- Problem description -
Pull every line from the records that has the word "boundary" in it.

Records shown START

(* Let $k\ge3$ and let $\{H_{r_1},\dots,H_{r_k}\}$ be a set of pairwise parallel hyperplanes in $\mathbb{H}^n$ (pairwise distinct and disjoint in $\mathbb{H}^n$). Suppose all $H_{r_i}$ have a common ideal point $\xi\in\partial\mathbb{H}^n$, and that the group $D\subseteq\mathrm{Iso}(\mathbb{H}^n)$ generated by the reflections $r_i$ across $H_{r_i}$ is a discrete subgroup. Then $D$ is isomorphic to the infinite dihedral group $D_\infty$.
   Context: $\partial\mathbb{H}^n$ is the visual boundary of hyperbolic $n$-space; an ideal point of a hyperplane is an endpoint of a geodesic ray contained in it. *)

From mathcomp Require Import all_boot all_order all_algebra.
From mathcomp Require Import all_classical all_reals all_analysis.
Set Implicit Arguments. Unset Strict Implicit. Unset Printing Implicit Defensive.
Import Order.TTheory GRing.Theory Num.Theory.
Local Open Scope ring_scope.

(* Hyperboloid model of H^n inside R^{n+1} = 'cV_(n.+1), coordinate 0 = time. *)
Section Hyp.
Variables (R : realType) (n : nat).
Notation vec := 'cV[R]_(n.+1).
Notation mat := 'M[R]_(n.+1).

Definition eta (i : 'I_n.+1) : R := if val i == 0%N then -1 else 1.

Definition mink (x y : vec) : R := \sum_i eta i * x i 0 * y i 0.

Definition hpoint (x : vec) : Prop := mink x x = -1 /\ 0 < x ord0 0.

(* representatives of points of the visual boundary: future null vectors
   (a boundary point is the positive ray spanned by such a vector) *)
Definition ideal_vec (u : vec) : Prop := mink u u = 0 /\ 0 < u ord0 0.

Definition hyperplane (v : vec) : vec -> Prop := fun x => hpoint x /\ mink x v = 0.

Definition cosh_ (t : R) : R := (expR t + expR (- t)) / 2.
Definition sinh_ (t : R) : R := (expR t - expR (- t)) / 2.

(* unit-speed geodesic ray from x with unit tangent w (mink x w = 0, mink w w = 1) *)
Definition geod_ray (x w : vec) (t : R) : vec := cosh_ t *: x + sinh_ t *: w.

(* u represents an ideal point of the set H: it is the endpoint (the null ray
   spanned by x + w) of a geodesic ray contained in H *)
Definition ideal_point_of (H : vec -> Prop) (u : vec) : Prop :=
  exists x w : vec, [/\ hpoint x, mink x w = 0, mink w w = 1,
    (forall t, 0 <= t -> H (geod_ray x w t)) &
    exists2 c : R, 0 < c & u = c *: (x + w)].

(* the reflection across hyperplane v^perp: x |-> x - 2 <x,v>/<v,v> v *)
Definition reflmx (v : vec) : mat :=
  \matrix_(i, j) ((i == j)%:R - 2 * v i 0 * (eta j * v j 0) / mink v v).

Definition gen_group (S : mat -> Prop) : mat -> Prop := fun M =>
  exists s : seq mat,
    (forall A, A \in s -> exists2 B, S B & (A = B \/ A = invmx B)) /\
    M = foldr mulmx 1%:M s.

Definition discrete_set (D : mat -> Prop) : Prop :=
  forall g, D g -> exists2 e : R, 0 < e &
    forall h, D h -> (forall i j, `|h i j - g i j| < e) -> h = g.
End Hyp.

(* The infinite dihedral group, as the group of maps of Z:  x |-> (-1)^s x + m *)
Definition Dinf := (bool * int)%type.
Definition dinf_mul (a b : Dinf) : Dinf :=
  (addb a.1 b.1, a.2 + (if a.1 then - b.2 else b.2))%R.

Definition iso_Dinf (R : realType) (n : nat) (D : 'M[R]_(n.+1) -> Prop) : Prop :=
  exists phi : Dinf -> 'M[R]_(n.+1),
    [/\ injective phi, (forall a, D (phi a)), (forall M, D M -> exists a, phi a = M) &
        forall a b, phi (dinf_mul a b) = phi a *m phi b].

From mathcomp Require Import all_boot all_order all_algebra.
From mathcomp Require Import all_classical all_reals all_analysis.
From mathcomp Require Import ring lra.
Import Order.TTheory GRing.Theory Num.Theory.
Set Implicit Arguments. Unset Strict Implicit.
Local Open Scope ring_scope.

(* Every normal v_i is Minkowski-orthogonal to the null vector u representing
   xi.  For two normals whose hyperplanes are disjoint the Gram determinant
   vanishes (otherwise the hyperplanes would meet in H^n), which forces
   v_j to be a multiple of v_0 + b_j u: every generator is the reflection r_b
   in (v_0 + b u)^perp.  The products T(2b) = r_b r_0 are parabolic
   translations fixing xi, with T(s) T(t) = T(s + t) and r_0 T(t) r_0 = T(-t).
   Hence D = {T(s) r_0^e | s in L} for an additive subgroup L of R, which is
   discrete because D is, and nonzero because two of the hyperplanes differ.
   So L = dZ, and (e, m) |-> T(m d) r_0^e is an isomorphism from D_infinity
   onto D. *)

Section Minkowski.
Variables (R : realType) (n : nat).
Notation vec := 'cV[R]_(n.+1).
Implicit Types x y z u v w : vec.

Lemma minkC x y : mink x y = mink y x.
Proof. by apply: eq_bigr => i _; rewrite -!mulrA [x i 0 * _]mulrC. Qed.

Lemma minkDl x y z : mink (x + y) z = mink x z + mink y z.
Proof. by rewrite /mink -big_split; apply: eq_bigr => i _; rewrite !mxE mulrDr mulrDl. Qed.

Lemma minkZl a x z : mink (a *: x) z = a * mink x z.
Proof. by rewrite /mink mulr_sumr; apply: eq_bigr => i _; rewrite !mxE; ring. Qed.

Lemma minkNl x z : mink (- x) z = - mink x z.
Proof. by rewrite -scaleN1r minkZl mulN1r. Qed.

Lemma minkDr x y z : mink z (x + y) = mink z x + mink z y.
Proof. by rewrite !(minkC z) minkDl. Qed.

Lemma minkZr a x z : mink z (a *: x) = a * mink z x.
Proof. by rewrite !(minkC z) minkZl. Qed.

Lemma minkNr x z : mink z (- x) = - mink z x.
Proof. by rewrite !(minkC z) minkNl. Qed.

Definition minkE := (minkDl, minkDr, minkZl, minkZr, minkNl, minkNr).

Lemma eta0 : eta R (@ord0 n) = -1.
Proof. by rewrite /eta eqxx. Qed.

Lemma eta_neq0 (i : 'I_n.+1) : i != ord0 -> eta R i = 1.
Proof. by rewrite /eta -val_eqE => /negbTE ->. Qed.

Lemma mink_delta0 w : mink (delta_mx ord0 0) w = - w ord0 0.
Proof.
rewrite /mink (bigD1 ord0) //= big1 ?addr0 => [|i /negbTE i0].
  by rewrite !mxE eqxx eta0 mulr1 mulN1r.
by rewrite !mxE i0 mulr0 mul0r.
Qed.

Lemma minkxxE x : mink x x = - x ord0 0 ^+ 2 + \sum_(i | i != ord0) x i 0 ^+ 2.
Proof.
rewrite /mink (bigD1 ord0) //= eta0; congr (_ + _); first by rewrite mulN1r mulNr.
by apply: eq_bigr => i /eta_neq0 ->; rewrite mul1r expr2.
Qed.

Lemma mink_ge0_time0 x : x ord0 0 = 0 -> 0 <= mink x x.
Proof.
by move=> x0; rewrite minkxxE x0 expr0n oppr0 add0r sumr_ge0 // => i _; rewrite sqr_ge0.
Qed.

Lemma mink_eq0_time0 x : x ord0 0 = 0 -> mink x x = 0 -> x = 0.
Proof.
rewrite minkxxE => x0; rewrite x0 expr0n oppr0 add0r => /psumr_eq0P x_eq0.
apply/matrixP => i j; rewrite ord1 mxE; have [->|i0] := eqVneq i ord0 => //.
by apply/eqP; rewrite -sqrf_eq0 x_eq0 // => l _; rewrite sqr_ge0.
Qed.

Lemma timelike_time_neq0 x : mink x x < 0 -> x ord0 0 != 0.
Proof. by apply: contraTneq => /mink_ge0_time0; rewrite leNgt => /negbTE ->. Qed.

Lemma orth_null_isotropic u y : mink u u = 0 -> u ord0 0 != 0 ->
  mink y u = 0 -> mink y y = 0 -> y = (y ord0 0 / u ord0 0) *: u.
Proof.
move=> uu u0 yu yy; set c := y ord0 0 / u ord0 0.
have z0 : (y - c *: u) ord0 0 = 0 by rewrite !mxE /c; field.
apply/eqP; rewrite -subr_eq0; apply/eqP/mink_eq0_time0 => //.
by rewrite !minkE uu yu (minkC u y) yu yy; ring.
Qed.
End Minkowski.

Records shown END

- Solution -
   Context: $\partial\mathbb{H}^n$ is the visual boundary of hyperbolic $n$-space; an ideal point of a hyperplane is an endpoint of a geodesic ray contained in it. *)
(* representatives of points of the visual boundary: future null vectors
   (a boundary point is the positive ray spanned by such a vector) *)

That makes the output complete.